▶ **DATA FOR THIS TASK**:
(* Let $x$ be a stable g-matching with $x\ne x^{\max}$. For each rotation $R\in\mathcal R(x)$, the g-matching $x':=x+\chi^R$ is stable and satisfies $x\prec_F x'$.
   Context: Let $G=(V,E)$ be a finite bipartite graph with color classes $W$ and $F$; the edge joining $w\in W$ and $f\in F$ is written $wf$. Let $b\in\mathbb Z_+^E$ be capacities. For $v\in V$, $E_v$ is the set of edges at $v$, $\mathcal B_v=\{z\in\mathbb Z_+^{E_v}: z\le b|_{E_v}\}$, $\mathbf 1^e$ the unit vector of $e$, $|z|=\sum_e|z(e)|$, $\wedge,\vee$ componentwise min/max. Each $v$ has a choice function $C_v:\mathcal B_v\to\mathcal B_v$ with $C_v(z)\le z$ and, for all $z,z'$: (A1) $z\ge z'\ge C_v(z)\Rightarrow C_v(z')=C_v(z)$; (A2) $z\ge z'\Rightarrow C_v(z)\wedge z'\le C_v(z')$; (A3) $z\ge z'\Rightarrow|C_v(z)|\ge|C_v(z')|$. $z$ is acceptable if $C_v(z)=z$; for distinct acceptable $z,z'$, $z'\prec_v z$ iff $C_v(z\vee z')=z$. $x_v$ = restriction of $x$ to $E_v$. A g-matching is $x\in\mathbb Z_+^E$, $x\le b$, each $x_v$ acceptable; $x\prec_F y$ (distinct) iff $x_f\preceq_f y_f$ for all $f\in F$. $e\in E_v$ is interesting for $v$ under acceptable $z$ if some $z'\in\mathcal B_v$ has $z'(e)>z(e)$, $z'(e')=z(e')$ for $e'\neq e$, $C_v(z')(e)>z(e)$; $e=wf$ blocks a g-matching $x$ if it is interesting for $w$ under $x_w$ and for $f$ under $x_f$; stable g-matchings (no blocking edges) form a nonempty finite distributive lattice under $\prec_F$ with maximum $x^{\max}$. Rotations: for stable $x$, $U_F^+(x)$ = edges $wf$ interesting for $f$ under $x_f$; $U_F^-(x)$ = edges $wf$ with $x(wf)>0$ not interesting for $f$. Legal $f$-pair: $(a,c)$, $a\in U_F^+(x)\cap E_f$, $c\in E_f\setminus\{a\}$, $C_f(x_f+\mathbf 1^a)=x_f+\mathbf 1^a-\mathbf 1^c$. Legal $w$-pair: $(c,a)$, $c\in U_F^-(x)\cap E_w$, $a\in U_F^+(x)\cap E_w$, $x_w+\mathbf 1^a-\mathbf 1^c$ acceptable; essential if no $d\in (U_F^+(x)\cap E_w)\setminus\{a\}$ is interesting for $w$ under $x_w+\mathbf 1^a-\mathbf 1^c$ (at most one essential pair per $c$). Digraph $\mathcal D$: vertices $w^e,f^e$ for $e=wf\in U_F^+(x)\cup U_F^-(x)$, arcs $(w^a,f^a)$ for $a\in U_F^+(x)$, $(f^c,w^c)$ for $c\in U_F^-(x)$, $(f^a,f^c)$ for legal $f$-pairs $(a,c)$, $(w^c,w^a)$ for essential $w$-pairs $(c,a)$. Repeatedly delete vertices with no entering arc; the remainder is a disjoint union of directed cycles, each giving a cyclic sequence $(a_1,c_1,\dots,a_k,c_k)$ of distinct edges of $G$; this is a rotation $R$ applicable to $x$, with $\chi^R\in\{0,\pm1\}^E$ equal to $1$ on $\{a_i\}$, $-1$ on $\{c_i\}$, $0$ elsewhere; $\mathcal R(x)$ is the set of these rotations. *)

From HB Require Import structures.
From mathcomp Require Import all_boot all_order all_algebra.
From mathcomp Require Import boolp.
Set Implicit Arguments. Unset Strict Implicit. Unset Printing Implicit Defensive.

(* Vectors in Z_+^{E_v}
   are represented as vectors in Z_+^E vanishing outside E_v. *)
Record gmarket (W F E : finType) := GMarket {
  wend : E -> W;
  fend : E -> F;
  cap : E -> nat;
  choice : (W + F)%type -> {ffun E -> nat} -> {ffun E -> nat} }.

Section Defs.
Context {W F E : finType} (G : gmarket W F E).
Local Notation V := (W + F)%type.
Local Notation vec := {ffun E -> nat}.
Local Notation C := (choice G).

Definition incident (v : V) (e : E) : bool :=
  match v with inl w => wend G e == w | inr f => fend G e == f end.

Definition simple_graph : Prop := injective (fun e => (wend G e, fend G e)).

Definition inB (v : V) (z : vec) : Prop :=
  forall e, z e <= (if incident v e then cap G e else 0).

Definition lev (z z' : vec) : Prop := forall e, z e <= z' e.
Definition vmin (z z' : vec) : vec := [ffun e => minn (z e) (z' e)].
Definition vmax (z z' : vec) : vec := [ffun e => maxn (z e) (z' e)].
Definition vsize (z : vec) : nat := \sum_e z e.
Definition unitv (a : E) : vec := [ffun e => nat_of_bool (e == a)].
Definition vadd (z z' : vec) : vec := [ffun e => z e + z' e].

Definition restrict (v : V) (x : vec) : vec :=
  [ffun e => if incident v e then x e else 0].

(* C_v : B_v -> B_v, C_v(z) <= z, and axioms (A1)-(A3) *)
Definition choice_axioms : Prop := forall v : V,
  (forall z, inB v z -> inB v (C v z) /\ lev (C v z) z) /\
  (forall z z', inB v z -> inB v z' ->
     lev z' z -> lev (C v z) z' -> C v z' = C v z) /\
  (forall z z', inB v z -> inB v z' ->
     lev z' z -> lev (vmin (C v z) z') (C v z')) /\
  (forall z z', inB v z -> inB v z' ->
     lev z' z -> vsize (C v z') <= vsize (C v z)).

Definition acceptable (v : V) (z : vec) : Prop := inB v z /\ C v z = z.

Definition prefv (v : V) (z' z : vec) : Prop :=
  acceptable v z /\ acceptable v z' /\ z <> z' /\ C v (vmax z z') = z.
Definition preceqv (v : V) (z' z : vec) : Prop := z' = z \/ prefv v z' z.

Definition gmatching (x : vec) : Prop :=
  (forall e, x e <= cap G e) /\ (forall v, acceptable v (restrict v x)).

Definition precF (x y : vec) : Prop :=
  x <> y /\ forall f : F, preceqv (inr f) (restrict (inr f) x) (restrict (inr f) y).

Definition interesting (v : V) (e : E) (z : vec) : Prop :=
  incident v e /\
  exists z' : vec, inB v z' /\ z e < z' e /\
    (forall e', e' != e -> z' e' = z e') /\ z e < C v z' e.

Definition blocks (x : vec) (e : E) : Prop :=
  interesting (inl (wend G e)) e (restrict (inl (wend G e)) x) /\
  interesting (inr (fend G e)) e (restrict (inr (fend G e)) x).

Definition stable (x : vec) : Prop := gmatching x /\ forall e, ~ blocks x e.

Definition is_max_stable (xm : vec) : Prop :=
  stable xm /\ forall y, stable y -> y = xm \/ precF y xm.

Section Rotations.
Variable x : vec.

Definition Uplus (e : E) : Prop :=
  interesting (inr (fend G e)) e (restrict (inr (fend G e)) x).
Definition Uminus (e : E) : Prop := 0 < x e /\ ~ Uplus e.

Definition legal_f (f : F) (a c : E) : Prop :=
  incident (inr f) a /\ Uplus a /\ incident (inr f) c /\ c != a /\
  forall e, C (inr f) (vadd (restrict (inr f) x) (unitv a)) e + (e == c)
            = restrict (inr f) x e + (e == a).

(* x_w + 1^a - 1^c (exact, since x(c) > 0 and a <> c for the pairs considered) *)
Definition wshift (w : W) (a c : E) : vec :=
  [ffun e => restrict (inl w) x e + (e == a) - (e == c)].

Definition legal_w (w : W) (c a : E) : Prop :=
  incident (inl w) c /\ Uminus c /\ incident (inl w) a /\ Uplus a /\
  acceptable (inl w) (wshift w a c).

Definition essential (w : W) (c a : E) : Prop :=
  legal_w w c a /\
  forall d, incident (inl w) d -> Uplus d -> d != a ->
    ~ interesting (inl w) d (wshift w a c).

(* vertices of D: (true, e) = w^e, (false, e) = f^e, for e in U+ \cup U- *)
Definition inD (p : bool * E) : Prop := Uplus p.2 \/ Uminus p.2.

Definition arc (p q : bool * E) : Prop :=
  inD p /\ inD q /\
  match p.1, q.1 with
  | true, false => p.2 = q.2 /\ Uplus p.2
  | false, true => p.2 = q.2 /\ Uminus p.2
  | false, false => legal_f (fend G p.2) p.2 q.2
  | true, true => essential (wend G p.2) p.2 q.2
  end.

Fixpoint remk (k : nat) (p : bool * E) : Prop :=
  match k with
  | 0 => inD p
  | k'.+1 => remk k' p /\ exists u, remk k' u /\ arc u p
  end.

Definition remainder (p : bool * E) : Prop := remk #|{: bool * E}| p.

Definition rotation (cyc : seq (bool * E)) : Prop :=
  cyc <> [::] /\ uniq cyc /\
  (forall pq, pq \in zip cyc (rot 1 cyc) -> arc pq.1 pq.2) /\
  (forall p, p \in cyc -> remainder p).

Definition on_cycle (cyc : seq (bool * E)) (e : E) : Prop :=
  (true, e) \in cyc \/ (false, e) \in cyc.

Definition chi (cyc : seq (bool * E)) (e : E) : int :=
  if `[< on_cycle cyc e /\ Uplus e >] then 1%R
  else if `[< on_cycle cyc e /\ Uminus e >] then (-1)%R
  else 0%R.

End Rotations.
End Defs.

From Pilot Require Import Defs.
From HB Require Import structures.
From mathcomp Require Import all_boot all_order all_algebra.
From mathcomp Require Import boolp zify.
Set Implicit Arguments. Unset Strict Implicit. Unset Printing Implicit Defensive.

(* Let A and R be the edges raised (the a_i) and lowered (the c_i) by the rotation, and
   x' = x + 1_A - 1_R.  Along the cycle, the arcs (f^a, f^c) pair the raised edges of a
   firm f injectively with its lowered ones, each c being rejected by f when a is
   offered, and the arcs (w^c, w^a) pair the lowered edges of a worker w injectively with
   its raised ones through essential exchanges.
   At a firm, offering all of A_f at once then makes f reject exactly R_f:
   C_f (x_f + 1_A) = x'_f.  This makes x'_f acceptable, gives x_f \prec_f x'_f because
   x_f \vee x'_f = x_f + 1_A, and shows that an edge outside A which is interesting for
   f under x'_f was already interesting under x_f, i.e. lies in U^+.
   At a worker, every essential exchange x_w + 1^a - 1^c is acceptable and leaves all of
   U^+ uninteresting; combining them with (A2) shows that x'_w is acceptable, and a
   counting argument with (A3) shows that U^+ stays uninteresting for w under x'_w.
   Hence an edge blocking x' would lie in U^+ and be interesting for its worker, which is
   impossible. *)

Section Vectors.
Variable E : finType.
Local Notation vec := {ffun E -> nat}.
Implicit Types (z p m : vec) (S : {set E}).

▶ **ASSIGNMENT**: Reproduce exactly, and with no other material, the lines between those holding "wend : E -> W;" and "Definition gmatching (x", inclusive.

▶ **ANSWER BELOW**:
  wend : E -> W;
  fend : E -> F;
  cap : E -> nat;
  choice : (W + F)%type -> {ffun E -> nat} -> {ffun E -> nat} }.

Section Defs.
Context {W F E : finType} (G : gmarket W F E).
Local Notation V := (W + F)%type.
Local Notation vec := {ffun E -> nat}.
Local Notation C := (choice G).

Definition incident (v : V) (e : E) : bool :=
  match v with inl w => wend G e == w | inr f => fend G e == f end.

Definition simple_graph : Prop := injective (fun e => (wend G e, fend G e)).

Definition inB (v : V) (z : vec) : Prop :=
  forall e, z e <= (if incident v e then cap G e else 0).

Definition lev (z z' : vec) : Prop := forall e, z e <= z' e.
Definition vmin (z z' : vec) : vec := [ffun e => minn (z e) (z' e)].
Definition vmax (z z' : vec) : vec := [ffun e => maxn (z e) (z' e)].
Definition vsize (z : vec) : nat := \sum_e z e.
Definition unitv (a : E) : vec := [ffun e => nat_of_bool (e == a)].
Definition vadd (z z' : vec) : vec := [ffun e => z e + z' e].

Definition restrict (v : V) (x : vec) : vec :=
  [ffun e => if incident v e then x e else 0].

(* C_v : B_v -> B_v, C_v(z) <= z, and axioms (A1)-(A3) *)
Definition choice_axioms : Prop := forall v : V,
  (forall z, inB v z -> inB v (C v z) /\ lev (C v z) z) /\
  (forall z z', inB v z -> inB v z' ->
     lev z' z -> lev (C v z) z' -> C v z' = C v z) /\
  (forall z z', inB v z -> inB v z' ->
     lev z' z -> lev (vmin (C v z) z') (C v z')) /\
  (forall z z', inB v z -> inB v z' ->
     lev z' z -> vsize (C v z') <= vsize (C v z)).

Definition acceptable (v : V) (z : vec) : Prop := inB v z /\ C v z = z.

Definition prefv (v : V) (z' z : vec) : Prop :=
  acceptable v z /\ acceptable v z' /\ z <> z' /\ C v (vmax z z') = z.
Definition preceqv (v : V) (z' z : vec) : Prop := z' = z \/ prefv v z' z.

Definition gmatching (x : vec) : Prop :=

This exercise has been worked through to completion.